Task brief: When you reach the line containing "by rewrite sumF" in the records below, start copying exactly, and stop once you have copied the line containing "Variables n b m : nat.".

Records to process:
_____
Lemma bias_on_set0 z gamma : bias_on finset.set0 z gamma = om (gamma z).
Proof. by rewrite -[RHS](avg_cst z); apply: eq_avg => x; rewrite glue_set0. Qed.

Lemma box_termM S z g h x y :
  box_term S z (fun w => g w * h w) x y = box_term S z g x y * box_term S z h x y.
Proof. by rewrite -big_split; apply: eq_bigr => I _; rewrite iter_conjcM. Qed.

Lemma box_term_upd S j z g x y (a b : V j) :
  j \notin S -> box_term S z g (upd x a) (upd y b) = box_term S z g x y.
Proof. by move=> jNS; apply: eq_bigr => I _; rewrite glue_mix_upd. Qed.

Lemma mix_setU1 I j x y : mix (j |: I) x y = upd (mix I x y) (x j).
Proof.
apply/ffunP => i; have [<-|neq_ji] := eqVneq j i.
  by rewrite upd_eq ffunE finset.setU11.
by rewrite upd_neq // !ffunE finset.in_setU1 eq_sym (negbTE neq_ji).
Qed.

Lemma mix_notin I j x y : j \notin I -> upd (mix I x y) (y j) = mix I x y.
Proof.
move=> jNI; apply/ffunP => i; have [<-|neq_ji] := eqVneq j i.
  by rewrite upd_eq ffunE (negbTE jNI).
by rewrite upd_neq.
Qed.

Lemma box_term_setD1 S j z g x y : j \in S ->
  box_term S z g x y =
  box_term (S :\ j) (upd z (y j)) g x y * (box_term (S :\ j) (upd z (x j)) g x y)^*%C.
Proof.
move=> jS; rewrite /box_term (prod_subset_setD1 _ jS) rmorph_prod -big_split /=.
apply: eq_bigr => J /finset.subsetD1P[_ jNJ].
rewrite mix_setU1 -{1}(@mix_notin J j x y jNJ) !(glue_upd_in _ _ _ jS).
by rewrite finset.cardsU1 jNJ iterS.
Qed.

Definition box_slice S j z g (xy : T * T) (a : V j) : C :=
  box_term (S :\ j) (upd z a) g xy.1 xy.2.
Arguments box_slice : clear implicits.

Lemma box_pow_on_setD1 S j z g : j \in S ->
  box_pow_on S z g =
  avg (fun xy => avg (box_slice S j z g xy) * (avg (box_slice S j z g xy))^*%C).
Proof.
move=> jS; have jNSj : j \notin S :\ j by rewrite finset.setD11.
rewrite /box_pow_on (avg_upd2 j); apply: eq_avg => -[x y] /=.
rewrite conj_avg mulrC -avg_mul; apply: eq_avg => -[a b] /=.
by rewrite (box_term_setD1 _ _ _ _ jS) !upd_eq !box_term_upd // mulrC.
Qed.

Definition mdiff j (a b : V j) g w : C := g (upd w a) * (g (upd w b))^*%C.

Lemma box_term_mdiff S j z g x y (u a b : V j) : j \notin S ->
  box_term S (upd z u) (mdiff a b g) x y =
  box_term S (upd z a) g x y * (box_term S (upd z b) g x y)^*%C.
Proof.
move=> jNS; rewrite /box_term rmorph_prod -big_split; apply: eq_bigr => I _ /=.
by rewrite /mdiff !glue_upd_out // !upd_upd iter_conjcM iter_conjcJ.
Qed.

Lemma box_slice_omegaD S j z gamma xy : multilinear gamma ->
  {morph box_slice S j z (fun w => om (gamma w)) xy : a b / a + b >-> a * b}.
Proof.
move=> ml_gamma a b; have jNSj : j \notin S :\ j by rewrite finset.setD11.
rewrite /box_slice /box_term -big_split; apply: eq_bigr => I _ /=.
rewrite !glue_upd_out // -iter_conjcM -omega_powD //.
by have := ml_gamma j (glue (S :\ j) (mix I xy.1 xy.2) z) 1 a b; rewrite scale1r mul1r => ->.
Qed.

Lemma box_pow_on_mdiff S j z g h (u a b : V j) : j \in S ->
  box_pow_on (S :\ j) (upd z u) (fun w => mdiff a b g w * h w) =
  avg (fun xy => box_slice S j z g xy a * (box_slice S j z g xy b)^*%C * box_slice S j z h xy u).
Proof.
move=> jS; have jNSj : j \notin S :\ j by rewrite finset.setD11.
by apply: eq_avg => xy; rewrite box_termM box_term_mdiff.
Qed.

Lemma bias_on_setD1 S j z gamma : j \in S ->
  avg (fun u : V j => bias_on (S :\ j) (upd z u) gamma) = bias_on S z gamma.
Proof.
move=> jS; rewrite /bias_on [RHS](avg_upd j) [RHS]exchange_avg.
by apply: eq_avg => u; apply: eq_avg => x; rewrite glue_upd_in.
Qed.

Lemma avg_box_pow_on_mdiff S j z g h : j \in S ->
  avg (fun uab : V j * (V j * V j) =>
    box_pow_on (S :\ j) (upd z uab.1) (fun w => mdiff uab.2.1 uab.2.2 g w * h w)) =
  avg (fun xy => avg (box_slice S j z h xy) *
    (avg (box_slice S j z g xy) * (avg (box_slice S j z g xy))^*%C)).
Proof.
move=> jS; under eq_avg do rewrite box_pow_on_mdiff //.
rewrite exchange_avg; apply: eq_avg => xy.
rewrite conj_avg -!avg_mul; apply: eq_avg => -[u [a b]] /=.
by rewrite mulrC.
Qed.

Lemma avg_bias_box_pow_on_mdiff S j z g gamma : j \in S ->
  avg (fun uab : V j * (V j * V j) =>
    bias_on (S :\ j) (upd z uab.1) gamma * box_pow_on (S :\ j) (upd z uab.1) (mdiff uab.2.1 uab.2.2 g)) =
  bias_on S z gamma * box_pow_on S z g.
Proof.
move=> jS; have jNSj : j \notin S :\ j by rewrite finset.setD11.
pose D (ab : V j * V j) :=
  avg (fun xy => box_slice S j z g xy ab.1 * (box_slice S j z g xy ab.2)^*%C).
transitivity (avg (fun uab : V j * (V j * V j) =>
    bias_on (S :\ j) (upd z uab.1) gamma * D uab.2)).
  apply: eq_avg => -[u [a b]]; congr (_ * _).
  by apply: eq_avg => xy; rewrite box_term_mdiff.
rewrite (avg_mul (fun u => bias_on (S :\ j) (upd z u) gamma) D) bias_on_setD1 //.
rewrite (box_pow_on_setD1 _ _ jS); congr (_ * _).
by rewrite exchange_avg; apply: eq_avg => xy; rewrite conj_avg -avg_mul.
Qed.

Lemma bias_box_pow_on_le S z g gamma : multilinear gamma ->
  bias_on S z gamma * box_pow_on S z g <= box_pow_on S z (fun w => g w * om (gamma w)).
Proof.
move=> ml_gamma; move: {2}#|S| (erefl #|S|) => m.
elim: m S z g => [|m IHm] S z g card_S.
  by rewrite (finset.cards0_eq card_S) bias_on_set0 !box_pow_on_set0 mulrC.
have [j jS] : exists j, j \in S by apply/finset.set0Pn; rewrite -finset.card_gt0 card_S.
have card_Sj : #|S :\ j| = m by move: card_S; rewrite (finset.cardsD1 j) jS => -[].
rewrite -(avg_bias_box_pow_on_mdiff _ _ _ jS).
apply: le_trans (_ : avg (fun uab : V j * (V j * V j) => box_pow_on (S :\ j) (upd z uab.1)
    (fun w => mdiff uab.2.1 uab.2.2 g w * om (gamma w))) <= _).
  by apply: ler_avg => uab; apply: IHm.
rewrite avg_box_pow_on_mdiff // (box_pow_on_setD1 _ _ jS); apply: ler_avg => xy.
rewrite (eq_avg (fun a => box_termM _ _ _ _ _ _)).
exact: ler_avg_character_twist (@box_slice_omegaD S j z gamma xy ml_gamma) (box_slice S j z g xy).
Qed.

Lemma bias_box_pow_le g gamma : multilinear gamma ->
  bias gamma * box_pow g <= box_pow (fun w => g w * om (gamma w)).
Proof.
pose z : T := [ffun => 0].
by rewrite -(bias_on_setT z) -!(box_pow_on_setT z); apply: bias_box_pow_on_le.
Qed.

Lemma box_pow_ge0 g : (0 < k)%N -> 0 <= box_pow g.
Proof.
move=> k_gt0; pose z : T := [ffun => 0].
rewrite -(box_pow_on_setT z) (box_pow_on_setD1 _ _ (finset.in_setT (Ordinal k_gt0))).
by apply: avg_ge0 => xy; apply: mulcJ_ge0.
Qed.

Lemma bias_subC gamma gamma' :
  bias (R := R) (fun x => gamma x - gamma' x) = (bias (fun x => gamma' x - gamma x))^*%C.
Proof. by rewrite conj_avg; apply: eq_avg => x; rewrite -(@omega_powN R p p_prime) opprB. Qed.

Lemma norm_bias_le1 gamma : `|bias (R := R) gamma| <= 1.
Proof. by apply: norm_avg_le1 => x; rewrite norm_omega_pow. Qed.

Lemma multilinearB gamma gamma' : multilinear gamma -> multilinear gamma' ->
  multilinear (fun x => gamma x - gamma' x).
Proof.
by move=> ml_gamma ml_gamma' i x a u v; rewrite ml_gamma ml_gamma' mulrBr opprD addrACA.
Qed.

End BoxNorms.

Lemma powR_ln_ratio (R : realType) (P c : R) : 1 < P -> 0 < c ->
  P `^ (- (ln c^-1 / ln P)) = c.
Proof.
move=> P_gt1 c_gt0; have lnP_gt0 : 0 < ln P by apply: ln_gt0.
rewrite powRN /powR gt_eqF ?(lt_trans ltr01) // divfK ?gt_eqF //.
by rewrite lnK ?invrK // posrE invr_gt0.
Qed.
_____
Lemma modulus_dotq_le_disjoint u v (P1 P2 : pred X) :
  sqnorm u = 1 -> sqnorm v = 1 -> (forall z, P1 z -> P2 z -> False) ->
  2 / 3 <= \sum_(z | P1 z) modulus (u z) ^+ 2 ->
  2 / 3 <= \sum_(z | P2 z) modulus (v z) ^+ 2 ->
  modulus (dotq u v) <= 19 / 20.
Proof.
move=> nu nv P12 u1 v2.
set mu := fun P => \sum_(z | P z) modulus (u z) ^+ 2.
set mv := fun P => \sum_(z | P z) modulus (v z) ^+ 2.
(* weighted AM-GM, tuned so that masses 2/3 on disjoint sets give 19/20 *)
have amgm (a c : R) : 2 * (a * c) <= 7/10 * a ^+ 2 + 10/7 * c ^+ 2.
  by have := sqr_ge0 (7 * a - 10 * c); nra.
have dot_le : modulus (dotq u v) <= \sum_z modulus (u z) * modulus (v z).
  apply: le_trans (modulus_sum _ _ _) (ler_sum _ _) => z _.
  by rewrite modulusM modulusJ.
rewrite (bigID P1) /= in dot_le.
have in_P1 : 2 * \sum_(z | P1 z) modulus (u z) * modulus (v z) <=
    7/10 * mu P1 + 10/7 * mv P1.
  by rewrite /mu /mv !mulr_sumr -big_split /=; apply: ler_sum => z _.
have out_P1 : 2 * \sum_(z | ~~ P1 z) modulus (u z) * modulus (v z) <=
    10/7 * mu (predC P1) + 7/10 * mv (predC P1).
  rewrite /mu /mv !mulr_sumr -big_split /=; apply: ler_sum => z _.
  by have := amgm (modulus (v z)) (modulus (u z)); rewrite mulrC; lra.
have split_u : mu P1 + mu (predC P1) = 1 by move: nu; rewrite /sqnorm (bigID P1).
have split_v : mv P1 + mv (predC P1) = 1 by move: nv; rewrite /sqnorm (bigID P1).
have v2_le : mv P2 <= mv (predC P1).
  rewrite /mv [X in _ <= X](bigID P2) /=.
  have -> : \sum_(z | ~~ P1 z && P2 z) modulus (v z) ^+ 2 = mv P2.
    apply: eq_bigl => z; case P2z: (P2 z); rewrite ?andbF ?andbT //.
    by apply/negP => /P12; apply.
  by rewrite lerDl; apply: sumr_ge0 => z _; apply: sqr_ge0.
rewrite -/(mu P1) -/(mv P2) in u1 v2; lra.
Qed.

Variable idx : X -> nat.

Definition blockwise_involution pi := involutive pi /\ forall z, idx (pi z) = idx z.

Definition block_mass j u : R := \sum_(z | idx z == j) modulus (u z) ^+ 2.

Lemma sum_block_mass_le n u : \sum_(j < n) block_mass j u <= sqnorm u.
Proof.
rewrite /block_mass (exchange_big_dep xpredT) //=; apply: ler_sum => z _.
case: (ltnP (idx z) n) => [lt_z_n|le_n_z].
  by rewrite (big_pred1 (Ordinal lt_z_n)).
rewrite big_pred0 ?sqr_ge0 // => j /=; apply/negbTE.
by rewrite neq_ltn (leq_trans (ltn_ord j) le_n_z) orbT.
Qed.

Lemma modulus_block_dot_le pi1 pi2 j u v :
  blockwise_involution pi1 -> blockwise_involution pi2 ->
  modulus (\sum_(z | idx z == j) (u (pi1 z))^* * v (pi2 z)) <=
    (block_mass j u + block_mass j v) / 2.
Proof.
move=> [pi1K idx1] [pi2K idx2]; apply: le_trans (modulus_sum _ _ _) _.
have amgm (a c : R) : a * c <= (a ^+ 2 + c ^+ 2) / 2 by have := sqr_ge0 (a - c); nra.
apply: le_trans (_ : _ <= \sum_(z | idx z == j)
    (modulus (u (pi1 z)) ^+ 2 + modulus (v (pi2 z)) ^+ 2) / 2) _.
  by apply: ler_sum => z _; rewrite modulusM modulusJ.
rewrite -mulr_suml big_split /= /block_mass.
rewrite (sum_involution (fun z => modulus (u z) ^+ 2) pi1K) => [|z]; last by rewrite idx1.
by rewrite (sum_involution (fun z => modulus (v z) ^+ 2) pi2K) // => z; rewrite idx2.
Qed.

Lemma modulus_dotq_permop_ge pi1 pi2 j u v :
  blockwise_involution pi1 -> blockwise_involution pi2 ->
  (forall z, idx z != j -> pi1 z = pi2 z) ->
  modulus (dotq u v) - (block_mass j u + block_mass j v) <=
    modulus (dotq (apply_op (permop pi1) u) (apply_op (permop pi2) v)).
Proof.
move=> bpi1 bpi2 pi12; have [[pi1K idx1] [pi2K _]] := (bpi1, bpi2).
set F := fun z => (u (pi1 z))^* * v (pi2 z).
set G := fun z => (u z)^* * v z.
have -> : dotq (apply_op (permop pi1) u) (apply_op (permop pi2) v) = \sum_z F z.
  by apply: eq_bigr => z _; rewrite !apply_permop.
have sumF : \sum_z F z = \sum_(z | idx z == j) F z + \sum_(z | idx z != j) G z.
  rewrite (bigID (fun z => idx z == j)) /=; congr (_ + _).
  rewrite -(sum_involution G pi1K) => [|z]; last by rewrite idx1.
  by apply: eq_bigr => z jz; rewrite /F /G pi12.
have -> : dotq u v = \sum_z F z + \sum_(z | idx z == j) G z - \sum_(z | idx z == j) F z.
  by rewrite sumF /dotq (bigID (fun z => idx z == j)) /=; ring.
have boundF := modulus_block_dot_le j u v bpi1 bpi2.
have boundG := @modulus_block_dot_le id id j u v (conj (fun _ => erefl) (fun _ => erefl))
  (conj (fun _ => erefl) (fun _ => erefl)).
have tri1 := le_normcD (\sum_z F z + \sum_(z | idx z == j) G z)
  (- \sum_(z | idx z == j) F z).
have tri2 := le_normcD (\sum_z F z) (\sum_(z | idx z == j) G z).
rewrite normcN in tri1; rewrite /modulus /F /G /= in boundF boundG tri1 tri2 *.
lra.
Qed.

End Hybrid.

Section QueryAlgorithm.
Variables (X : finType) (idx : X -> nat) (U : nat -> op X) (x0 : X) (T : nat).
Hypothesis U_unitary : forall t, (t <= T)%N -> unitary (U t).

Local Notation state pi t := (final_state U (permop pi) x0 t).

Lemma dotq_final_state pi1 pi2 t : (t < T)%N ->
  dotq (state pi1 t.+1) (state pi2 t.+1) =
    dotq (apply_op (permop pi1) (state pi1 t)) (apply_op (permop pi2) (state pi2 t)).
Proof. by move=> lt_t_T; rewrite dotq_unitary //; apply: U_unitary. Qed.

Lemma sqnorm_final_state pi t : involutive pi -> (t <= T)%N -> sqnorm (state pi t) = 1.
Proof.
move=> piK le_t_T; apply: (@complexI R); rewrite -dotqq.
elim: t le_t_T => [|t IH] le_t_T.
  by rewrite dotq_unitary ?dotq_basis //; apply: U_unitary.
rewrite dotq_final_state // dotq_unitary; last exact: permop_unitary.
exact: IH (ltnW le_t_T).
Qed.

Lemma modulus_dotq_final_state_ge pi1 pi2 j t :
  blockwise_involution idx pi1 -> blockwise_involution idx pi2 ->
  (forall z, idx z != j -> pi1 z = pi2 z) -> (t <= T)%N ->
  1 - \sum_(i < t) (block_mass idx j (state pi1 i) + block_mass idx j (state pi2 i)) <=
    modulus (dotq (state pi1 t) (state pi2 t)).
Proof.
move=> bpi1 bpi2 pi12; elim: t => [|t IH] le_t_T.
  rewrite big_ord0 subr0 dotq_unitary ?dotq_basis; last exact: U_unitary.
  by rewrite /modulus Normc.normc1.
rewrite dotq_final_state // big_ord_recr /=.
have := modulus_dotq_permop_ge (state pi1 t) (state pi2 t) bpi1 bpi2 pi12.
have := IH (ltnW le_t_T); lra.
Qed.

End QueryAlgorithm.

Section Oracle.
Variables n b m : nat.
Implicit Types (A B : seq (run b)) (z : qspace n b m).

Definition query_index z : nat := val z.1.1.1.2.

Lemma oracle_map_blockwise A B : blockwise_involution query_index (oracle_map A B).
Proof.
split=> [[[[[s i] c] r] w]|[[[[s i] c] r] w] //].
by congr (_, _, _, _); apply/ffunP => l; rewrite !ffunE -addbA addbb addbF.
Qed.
_____
Answer space:
  by rewrite sumF /dotq (bigID (fun z => idx z == j)) /=; ring.
have boundF := modulus_block_dot_le j u v bpi1 bpi2.
have boundG := @modulus_block_dot_le id id j u v (conj (fun _ => erefl) (fun _ => erefl))
  (conj (fun _ => erefl) (fun _ => erefl)).
have tri1 := le_normcD (\sum_z F z + \sum_(z | idx z == j) G z)
  (- \sum_(z | idx z == j) F z).
have tri2 := le_normcD (\sum_z F z) (\sum_(z | idx z == j) G z).
rewrite normcN in tri1; rewrite /modulus /F /G /= in boundF boundG tri1 tri2 *.
lra.
Qed.

End Hybrid.

Section QueryAlgorithm.
Variables (X : finType) (idx : X -> nat) (U : nat -> op X) (x0 : X) (T : nat).
Hypothesis U_unitary : forall t, (t <= T)%N -> unitary (U t).

Local Notation state pi t := (final_state U (permop pi) x0 t).

Lemma dotq_final_state pi1 pi2 t : (t < T)%N ->
  dotq (state pi1 t.+1) (state pi2 t.+1) =
    dotq (apply_op (permop pi1) (state pi1 t)) (apply_op (permop pi2) (state pi2 t)).
Proof. by move=> lt_t_T; rewrite dotq_unitary //; apply: U_unitary. Qed.

Lemma sqnorm_final_state pi t : involutive pi -> (t <= T)%N -> sqnorm (state pi t) = 1.
Proof.
move=> piK le_t_T; apply: (@complexI R); rewrite -dotqq.
elim: t le_t_T => [|t IH] le_t_T.
  by rewrite dotq_unitary ?dotq_basis //; apply: U_unitary.
rewrite dotq_final_state // dotq_unitary; last exact: permop_unitary.
exact: IH (ltnW le_t_T).
Qed.

Lemma modulus_dotq_final_state_ge pi1 pi2 j t :
  blockwise_involution idx pi1 -> blockwise_involution idx pi2 ->
  (forall z, idx z != j -> pi1 z = pi2 z) -> (t <= T)%N ->
  1 - \sum_(i < t) (block_mass idx j (state pi1 i) + block_mass idx j (state pi2 i)) <=
    modulus (dotq (state pi1 t) (state pi2 t)).
Proof.
move=> bpi1 bpi2 pi12; elim: t => [|t IH] le_t_T.
  rewrite big_ord0 subr0 dotq_unitary ?dotq_basis; last exact: U_unitary.
  by rewrite /modulus Normc.normc1.
rewrite dotq_final_state // big_ord_recr /=.
have := modulus_dotq_permop_ge (state pi1 t) (state pi2 t) bpi1 bpi2 pi12.
have := IH (ltnW le_t_T); lra.
Qed.

End QueryAlgorithm.

Section Oracle.
Variables n b m : nat.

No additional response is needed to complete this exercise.